The present invention relates to a technology for controlling the shifts of an automatic transmission in a vehicle such as an automobile.
Since an automotive engine has a low output torque at a low rotational speed, as is well known in the art, the gear stages to be set by the automatic transmission is determined in dependence upon the two parameters: an engine load and a vehicle speed so that the automobile may smoothly run on not only a flat road but also an uphill. FIG. 10 is a shift diagram disclosed in Japanese Patent Laid-Open No. 30558/1983. The abscissa plots the rotational speed of the output shaft dictating the vehicle speed, and the ordinate plots a degree of throttle opening dictating the engine load. Solid lines and broken lines indicate upshift lines and downshift lines, respectively. As will be seen from that those shift lines are upward to the right, the higher stage is set for the higher speed, and the lower state is set for the larger throttle opening with the deeper depression of the accelerator pedal. Here, the reason why hysteresis is established by shifting the downshift lines leftward with respect to the upshift lines is to prevent the upshifts or downshifts from being frequently caused with small fluctuations of the vehicle speed or the throttle opening.
In the shift controls according to the shift diagram of FIG. 10, therefore, if the running conditions such as the vehicle speed or the throttle opening change to others across an upshift line, a corresponding upshift is caused to a gear stage which is determined by the new running conditions (e.g., the vehicle speed or the throttle opening). If, on the contrary, the running conditions change to others across a downshift line, a corresponding downshift is caused to a gear stage which is determined by the new running conditions. As a result, each of the gear stages excepting the lowest and highest ones is held, while the running conditions are within an area defined by the upshift line and the downshift line. Moreover, the lowest gear stage is held while the running conditions are within an area having its upper limit defined by the upshift line, whereas the highest gear stage is held while the running conditions are within an area having its lower limit defined by the downshift line.
It seems from the aforementioned shift diagram that a plurality of gear stages could be set for a specific running condition by setting the hysteresis. As has been described hereinbefore, however, when a certain running condition varies to another exceeding the shift line, there is caused a shift to a gear stage determined by that shift line. The gear stage, which is set as the running condition changes over the shift line, is uniquely determined in dependence upon the vehicle speed and the throttle opening so that no room is left for selecting the gear stages.

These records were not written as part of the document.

(* Fix an edge $ij\in\mathcal E$, dual variables $(\lambda,\xi)$, and let $\Gamma=\Gamma(\lambda,\xi)$. Then: (a) If $\xi'=\xi$ and $\lambda'$ agrees with $\lambda$ except $\lambda'_{ij}(x)=\lambda_{ij}(x)+\frac12\log\frac{\sum_{x'}\Gamma_{ij}(x,x')}{\Gamma_i(x)}$ for all $x\in\chi$ (so that $\Gamma(\lambda',\xi')$ is the projection of $\Gamma$ onto $\{\Gamma_{ij}\mathbb 1=\Gamma_i\}$), then $L(\lambda',\xi')-L(\lambda,\xi)=2h^2(\Gamma_{ij}\mathbb 1,\Gamma_i)$. (b) If $\lambda'=\lambda$ and $\xi'$ agrees with $\xi$ except $\xi'_{ij}=\xi_{ij}+\log\sum_{x_i,x_j}\Gamma_{ij}(x_i,x_j)$ and $\xi'_i=\xi_i+\log\sum_x\Gamma_i(x)$ (so that $\Gamma(\lambda',\xi')$ is obtained by normalizing $\Gamma_{ij}$ and $\Gamma_i$), then $L(\lambda',\xi')-L(\lambda,\xi)\ge0$. (c) If $\xi'=\xi$ and $\lambda'$ agrees with $\lambda$ except $\lambda'_{ji}(x)=\lambda_{ji}(x)+\frac12\log\frac{\sum_{x'}\Gamma_{ij}(x',x)}{\Gamma_j(x)}$ for all $x\in\chi$ (so that $\Gamma(\lambda',\xi')$ is the projection onto $\{\Gamma_{ij}^\top\mathbb 1=\Gamma_j\}$), then $L(\lambda',\xi')-L(\lambda,\xi)=2h^2(\Gamma_{ij}^\top\mathbb 1,\Gamma_j)$. (d) If $\lambda'=\lambda$ and $\xi'$ agrees with $\xi$ except $\xi'_{ij}=\xi_{ij}+\log\sum_{x_i,x_j}\Gamma_{ij}(x_i,x_j)$ and $\xi'_j=\xi_j+\log\sum_x\Gamma_j(x)$, then $L(\lambda',\xi')-L(\lambda,\xi)\ge0$.
   Context: Let $G=(\mathcal V,\mathcal E)$ be a graph with $\mathcal V=\{1,\dots,n\}$, edges written as ordered pairs $ij$, $N(i)$ the set of neighbours of $i$, $\chi=\{0,\dots,d-1\}$, $\eta>0$, and $C$ a cost vector with components $C_i\in\mathbb R^d$ ($i\in\mathcal V$), $C_{ij}\in\mathbb R^{d\times d}$ ($ij\in\mathcal E$). Dual variables $(\lambda,\xi)$ consist of, for each edge $ij\in\mathcal E$, vectors $\lambda_{ij}\in\mathbb R^d$ (associated with vertex $i$) and $\lambda_{ji}\in\mathbb R^d$ (associated with vertex $j$) and a scalar $\xi_{ij}$, and for each vertex a scalar $\xi_i$. The associated marginal vector $\Gamma(\lambda,\xi)$ is $\Gamma_{ij}(x_i,x_j)=\exp(-\eta C_{ij}(x_i,x_j)-\lambda_{ij}(x_i)-\lambda_{ji}(x_j)-\xi_{ij})$ and $\Gamma_i(x)=\exp(-\eta C_i(x)-\xi_i+\sum_{j\in N(i)}\lambda_{ij}(x))$. The Lyapunov function is $L(\lambda,\xi)=-\sum_{ij\in\mathcal E}\sum_{x_i,x_j}\Gamma_{ij}(x_i,x_j)-\sum_{i\in\mathcal V}\sum_x\Gamma_i(x)-\sum_{ij\in\mathcal E}\xi_{ij}-\sum_{i\in\mathcal V}\xi_i+\sum_{ij\in\mathcal E}\sum_{x_i,x_j}e^{-\eta C_{ij}(x_i,x_j)}+\sum_{i}\sum_{x}e^{-\eta C_i(x)}$, with $\Gamma=\Gamma(\lambda,\xi)$. For nonnegative vectors $p,q$, $h(p,q)=\frac1{\sqrt2}\|\sqrt p-\sqrt q\|_2$ (entrywise square roots). *)

From HB Require Import structures.
From mathcomp Require Import all_boot all_order all_algebra.
From mathcomp Require Import all_classical all_reals.
From mathcomp Require Import all_analysis.
Set Implicit Arguments. Unset Strict Implicit. Unset Printing Implicit Defensive.
Import Order.TTheory GRing.Theory Num.Theory.
Local Open Scope ring_scope.

Section Defs.
Variables (R : realType) (n d : nat).

Definition simple_edges (E : {set 'I_n * 'I_n}) : Prop :=
  (forall e, e \in E -> e.1 != e.2) /\
  (forall i j, (i, j) \in E -> (j, i) \notin E).

Definition nbrs (E : {set 'I_n * 'I_n}) (i : 'I_n) : {set 'I_n} :=
  [set j | ((i, j) \in E) || ((j, i) \in E)].

(* Dual variables: lam i j : vector at vertex i of the edge joining i and j
   (meaningful when ij or ji is an edge), xiE i j : scalar of edge ij,
   xiV i : scalar of vertex i.  State space chi = 'I_d. *)

Definition GammaE (eta : R) (CE : 'I_n -> 'I_n -> 'I_d -> 'I_d -> R)
  (lam : 'I_n -> 'I_n -> 'I_d -> R) (xiE : 'I_n -> 'I_n -> R)
  (i j : 'I_n) (a b : 'I_d) : R :=
  expR (- eta * CE i j a b - lam i j a - lam j i b - xiE i j).

Definition GammaV (E : {set 'I_n * 'I_n}) (eta : R) (CV : 'I_n -> 'I_d -> R)
  (lam : 'I_n -> 'I_n -> 'I_d -> R) (xiV : 'I_n -> R)
  (i : 'I_n) (a : 'I_d) : R :=
  expR (- eta * CV i a - xiV i + \sum_(j in nbrs E i) lam i j a).

Definition Lyap (E : {set 'I_n * 'I_n}) (eta : R)
  (CV : 'I_n -> 'I_d -> R) (CE : 'I_n -> 'I_n -> 'I_d -> 'I_d -> R)
  (lam : 'I_n -> 'I_n -> 'I_d -> R) (xiE : 'I_n -> 'I_n -> R)
  (xiV : 'I_n -> R) : R :=
  - (\sum_(e in E) \sum_(a < d) \sum_(b < d) GammaE eta CE lam xiE e.1 e.2 a b)
  - (\sum_(i < n) \sum_(a < d) GammaV E eta CV lam xiV i a)
  - (\sum_(e in E) xiE e.1 e.2)
  - (\sum_(i < n) xiV i)
  + (\sum_(e in E) \sum_(a < d) \sum_(b < d) expR (- eta * CE e.1 e.2 a b))
  + (\sum_(i < n) \sum_(a < d) expR (- eta * CV i a)).
(* Let $a_{01}^0(u)=64u^3\sin2u+48u^2\cos2u-44u\sin2u-4u\cos u\sin2u+3\cos2u-3\cos6u$ and let $F[a_{01}^0]=\inf\{u>0:a_{01}^0(u)=0\}$. Then $F[a_{01}^0]\in(\frac34\pi,\pi)$, and $a_{01}^0(u)<0$ for all $u\in(0,F[a_{01}^0])$. *)

From Stdlib Require Import Reals.
Open Scope R_scope.

Definition a010 (u : R) : R :=
  64 * u ^ 3 * sin (2 * u) + 48 * u ^ 2 * cos (2 * u) - 44 * u * sin (2 * u)
  - 4 * u * cos u * sin (2 * u) + 3 * cos (2 * u) - 3 * cos (6 * u).

Definition a010_pos_zeros (u : R) : Prop := 0 < u /\ a010 u = 0.

Definition is_infimum (S : R -> Prop) (m : R) : Prop :=
  (forall x, S x -> m <= x) /\
  (forall m', (forall x, S x -> m' <= x) -> m' <= m).

(* By the double-angle formulas, with s = sin 2u,
     a(u) = s (64u^3 - 44u - 4u cos u) + 12 cos 2u (4u^2 + s^2).
   On (0, 3/4], bounding cos u from below and cos 2u from above by their Taylor
   polynomials turns this into a convex quadratic in s, which is negative at both
   Taylor bounds of s = sin 2u and hence at s itself.  On [3/4, 59/20] the function
   is enclosed, cell by cell of width 1/40, by outward-rounded rational interval
   arithmetic, sin and cos at the grid points being propagated by the addition
   formulas.  As a(pi) = 48 pi^2 > 0, the intermediate value theorem gives a zero in
   (59/20, pi), so the first positive zero F satisfies 3pi/4 < 59/20 <= F < pi. *)

From Stdlib Require Import Reals QArith Qreals Qround Qminmax Lra Lia Psatz Machin.
Open Scope R_scope.

Lemma convex_quadratic_neg_between a b c lo hi s : 0 <= a -> lo <= s <= hi ->
  a * lo ^ 2 + b * lo + c < 0 -> a * hi ^ 2 + b * hi + c < 0 -> a * s ^ 2 + b * s + c < 0.
Proof.
  intros Ha [Hlo Hhi] Plo Phi.
  assert (Hinterp : (hi - lo) * (a * s ^ 2 + b * s + c)
    = (hi - s) * (a * lo ^ 2 + b * lo + c) + (s - lo) * (a * hi ^ 2 + b * hi + c)
      - a * ((s - lo) * (hi - s)) * (hi - lo)) by ring.
  assert (0 <= a * ((s - lo) * (hi - s))) by (apply Rmult_le_pos; nra).
  destruct (Rle_lt_dec s lo); [replace s with lo by lra; exact Plo | nra].
Qed.

Lemma sin_taylor_bounds x : 0 <= x <= 4 -> x - x ^ 3 / 6 <= sin x <= x - x ^ 3 / 6 + x ^ 5 / 120.
Proof.
  intros [H0 H4]. destruct (pre_sin_bound x 0 H0 H4) as [L U].
  unfold sin_approx, sin_term in L, U. simpl in L, U. split; lra.
Qed.

Lemma cos_taylor_bounds x : -2 <= x <= 2 -> 1 - x ^ 2 / 2 <= cos x <= 1 - x ^ 2 / 2 + x ^ 4 / 24.
Proof.
  intros [H0 H2]. destruct (pre_cos_bound x 0 H0 H2) as [L U].
  unfold cos_approx, cos_term in L, U. simpl in L, U. split; lra.
Qed.

Lemma PI_le_68_21 : PI <= 68 / 21.
Proof.
  destruct (PI_2_3_7_ineq 0) as [_ H].
  unfold tg_alt, PI_2_3_7_tg, Ratan_seq in H. simpl in H. lra.
Qed.

Lemma zero_between f b u : continuity f -> b < u -> f b < 0 -> 0 <= f u ->
  exists z, b < z <= u /\ f z = 0.
Proof.
  intros Hf Hbu Hb [Hu | Hu].
  - destruct (IVT f b u Hf Hbu Hb Hu) as (z & Hz & Hfz).
    exists z. split; [| exact Hfz].
    destruct Hz as [[Hbz | <-] Hzu]; lra.
  - exists u. split; [lra | auto].
Qed.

For an efficient run exploiting the engine performance sufficiently, moreover, the individual gear stages have to be sequentially set within a predetermined vehicle speed range.
Here, the shift chart of FIG. 10 exemplifies four forward stages including an overdrive stage. In case, however, more stages are required for improving the power performance, the shift lines come close to each other to make narrow the individual areas for the gear stages. If, therefore, the shift controls according to the conventional shift diagram were to be applied to an automatic transmission having more stages of shift control, even a relatively small change in the vehicle speed or the throttle opening would be one in the running conditions exceeding the shift lines so that the shifts might frequently occur to deteriorate the driving comfort and the durability.
In order to avoid the so-called "busy shift" causing the shifts frequently, it could be conceivable to effect the so-called "skip shift" to a gear stage farther of two stages. This case is followed by a problem that the gear stage set as a result of the skip shift is not always the optimum one.